**Task to carry out**
Below are some records; output exactly the lines from the line with "backwards, x_i a" to the line with "y \in Y -> y1", both ends kept, and nothing more.

**Given records**
(* Let $G$ be a bipartite graph with parts $X$ and $Y$ such that every vertex in $Y$ has degree at least $(|X|+|Y|)/2$. Then $G$ contains a path covering $2|Y|$ vertices. *)

From mathcomp Require Import all_boot.
Set Implicit Arguments. Unset Strict Implicit. Unset Printing Implicit Defensive.

Definition simple_graph (T : finType) (e : rel T) : Prop :=
  symmetric e /\ irreflexive e.

Definition bipartite_with_parts (T : finType) (e : rel T) (X Y : {set T}) : Prop :=
  [/\ X :|: Y = setT, [disjoint X & Y] &
      forall u v, e u v -> (u \in X) && (v \in Y) || (u \in Y) && (v \in X)].

Definition deg (T : finType) (e : rel T) (v : T) : nat := #|[set w | e v w]|.

Definition is_gpath (T : finType) (e : rel T) (p : seq T) : bool :=
  uniq p && (if p is x :: q then path e x q else true).

(* Any two vertices of Y have at least |Y| common neighbours: both
   neighbourhoods lie in X and their sizes add up to at least |X| + |Y|.
   Listing Y as y_1, ..., y_k, choose x_k adjacent to y_k and then, going
   backwards, x_i a common neighbour of y_i and y_(i+1) different from
   x_(i+1), ..., x_k; fewer than |Y| vertices are excluded, so the choice is
   always possible, and y_1 x_1 y_2 x_2 ... y_k x_k is the required path. *)
From mathcomp Require Import all_boot.
From mathcomp Require Import zify.

Set Implicit Arguments.
Unset Strict Implicit.
Unset Printing Implicit Defensive.

Definition common_nbrs (T : finType) (e : rel T) (y y' : T) : {set T} :=
  [set x | e y x & e y' x].

Section AlternatingPath.

Variables (T : finType) (e : rel T) (Y : {set T}) (m : nat).
Hypothesis e_sym : symmetric e.
Hypothesis Y_indep : {in Y &, forall y y', ~~ e y y'}.
Hypothesis common_nbrs_ge : {in Y &, forall y y', m <= #|common_nbrs e y y'|}.

Lemma nbr_notin_indep y x : y \in Y -> e y x -> x \notin Y.
Proof. by move=> yY yx; apply: contraTN yx => /(Y_indep yY). Qed.

Lemma extend_path y y1 q :
    y \in Y -> y1 \in Y -> y \notin y1 :: q -> is_gpath e (y1 :: q) ->
    count [predC Y] q < m ->
  exists2 x, x \notin Y & is_gpath e [:: y, x, y1 & q].
Proof.
move=> yY y1Y yNp /andP[uniq_p path_p] count_lt.
have /subsetPn[x Cx xNq] : ~~ (common_nbrs e y y1 \subset [set z in q]).
  apply: contraTN count_lt => /subsetP C_q; rewrite -leqNgt.
  apply: leq_trans (common_nbrs_ge yY y1Y) _.
  rewrite cardE -size_filter; apply: uniq_leq_size; first exact: enum_uniq.
  move=> z; rewrite mem_enum mem_filter => Cz.
  have := C_q z Cz; rewrite inE => ->; rewrite andbT.
  by move: Cz; rewrite inE => /andP[/(nbr_notin_indep yY)].
move: Cx xNq; rewrite !inE => /andP[yx y1x] xNq.
have xNY := nbr_notin_indep yY yx.
have xNp : x \notin y1 :: q.
  by rewrite inE negb_or xNq andbT; apply: contraNneq xNY => ->.
have yNx : y != x by apply: contraNneq xNY => <-.
exists x => //; apply/andP; split; last by rewrite /= yx e_sym y1x.
by rewrite cons_uniq in_cons negb_or yNx yNp cons_uniq xNp uniq_p.
Qed.

Lemma alternating_path y ys :
    uniq (y :: ys) -> {subset y :: ys <= Y} -> size (y :: ys) <= m ->
  exists q, [/\ is_gpath e (y :: q), size (y :: q) = 2 * size (y :: ys)
              & [seq z <- q | z \in Y] = ys].
Proof.
elim: ys y => [|y1 ys IH] y uniq_ys sub_ys size_ys.
  have yY : y \in Y by apply: sub_ys; rewrite mem_head.
  have /card_gt0P[x] : 0 < #|common_nbrs e y y|.
    by apply: leq_trans (common_nbrs_ge yY yY).
  rewrite inE andbb => yx; have xNY := nbr_notin_indep yY yx.
  exists [:: x]; split => //=; last by rewrite (negbTE xNY).
  by rewrite /is_gpath /= yx inE !andbT; apply: contraNneq xNY => <-.
have yY : y \in Y by apply: sub_ys; rewrite mem_head.
have y1Y : y1 \in Y by apply: sub_ys; rewrite !inE eqxx orbT.
move: uniq_ys => /= /andP[yNys /andP[y1Nys uniq_ys]].
have [q [path_q size_q filter_q]] : exists q, [/\ is_gpath e (y1 :: q),
    size (y1 :: q) = 2 * size (y1 :: ys) & [seq z <- q | z \in Y] = ys].
  apply: IH => /=; first by rewrite y1Nys.
    by move=> z z_ys; apply: sub_ys; rewrite inE z_ys orbT.
  by move: size_ys => /=; lia.
have yNp : y \notin y1 :: q.
  move: yNys; rewrite !in_cons !negb_or => /andP[-> yNys] /=.
  by apply: contra yNys => yq; rewrite -filter_q mem_filter yY.
have count_q : count [predC Y] q = (size ys).+1.
  have : size ys + count [predC Y] q = size q.
    by rewrite -filter_q size_filter; apply: count_predC.
  by move: size_q => /=; lia.
have [|x xNY path_x] := extend_path yY y1Y yNp path_q.
  by rewrite count_q; move: size_ys => /=; lia.
exists [:: x, y1 & q]; split => //=; first by move: size_q => /=; lia.
by rewrite (negbTE xNY) y1Y filter_q.
Qed.

End AlternatingPath.

Section Bipartite.

Variables (T : finType) (e : rel T) (X Y : {set T}).
Hypothesis e_bip : bipartite_with_parts e X Y.

Lemma bipartite_nbr_in y w : y \in Y -> e y w -> w \in X.
Proof.
case: e_bip => _ disjXY adj yY /adj; rewrite yY /= => /orP[/andP[yX _] | //].
by move: (disjointFr disjXY yX); rewrite yY.
Qed.

Lemma bipartite_indep : {in Y &, forall y y', ~~ e y y'}.
Proof.
move=> y y' yY y'Y; apply/negP => /(bipartite_nbr_in yY) y'X.
by case: e_bip => _ /disjointFr/(_ y'X); rewrite y'Y.
Qed.

Lemma bipartite_common_nbrs_ge :
    (forall y, y \in Y -> #|X| + #|Y| <= 2 * deg e y) ->
  {in Y &, forall y y', #|Y| <= #|common_nbrs e y y'|}.
Proof.
move=> deg_ge y y' yY y'Y.
have -> : common_nbrs e y y' = [set w | e y w] :&: [set w | e y' w].
  by apply/setP => w; rewrite !inE.
have : #|[set w | e y w] :|: [set w | e y' w]| <= #|X|.
  apply/subset_leq_card/subsetP => w; rewrite !inE.
  by case/orP; [apply: bipartite_nbr_in yY | apply: bipartite_nbr_in y'Y].
have := cardsUI [set w | e y w] [set w | e y' w].
by have := deg_ge y yY; have := deg_ge y' y'Y; rewrite /deg; lia.
Qed.

End Bipartite.

Theorem lemma2p2 (T : finType) (e : rel T) (X Y : {set T}) :
  simple_graph e ->
  bipartite_with_parts e X Y ->
  (forall y, y \in Y -> #|X| + #|Y| <= 2 * deg e y) ->
  exists p : seq T, is_gpath e p /\ size p = 2 * #|Y|.
Proof.
move=> [e_sym _] e_bip deg_ge.
case enumY: (enum Y) => [|y ys]; first by exists [::]; rewrite cardE enumY.
have sizeY : size (y :: ys) = #|Y| by rewrite -enumY cardE.
have [|||q [path_q size_q _]] := alternating_path e_sym (bipartite_indep e_bip)
    (bipartite_common_nbrs_ge e_bip deg_ge) (y := y) (ys := ys).
- by rewrite -enumY enum_uniq.
- by move=> z; rewrite -enumY mem_enum.
- by rewrite sizeY.
by exists (y :: q); rewrite size_q sizeY.
Qed.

**Answer for this exercise**
   backwards, x_i a common neighbour of y_i and y_(i+1) different from
   x_(i+1), ..., x_k; fewer than |Y| vertices are excluded, so the choice is
   always possible, and y_1 x_1 y_2 x_2 ... y_k x_k is the required path. *)
From mathcomp Require Import all_boot.
From mathcomp Require Import zify.

Set Implicit Arguments.
Unset Strict Implicit.
Unset Printing Implicit Defensive.

Definition common_nbrs (T : finType) (e : rel T) (y y' : T) : {set T} :=
  [set x | e y x & e y' x].

Section AlternatingPath.

Variables (T : finType) (e : rel T) (Y : {set T}) (m : nat).
Hypothesis e_sym : symmetric e.
Hypothesis Y_indep : {in Y &, forall y y', ~~ e y y'}.
Hypothesis common_nbrs_ge : {in Y &, forall y y', m <= #|common_nbrs e y y'|}.

Lemma nbr_notin_indep y x : y \in Y -> e y x -> x \notin Y.
Proof. by move=> yY yx; apply: contraTN yx => /(Y_indep yY). Qed.

Lemma extend_path y y1 q :
    y \in Y -> y1 \in Y -> y \notin y1 :: q -> is_gpath e (y1 :: q) ->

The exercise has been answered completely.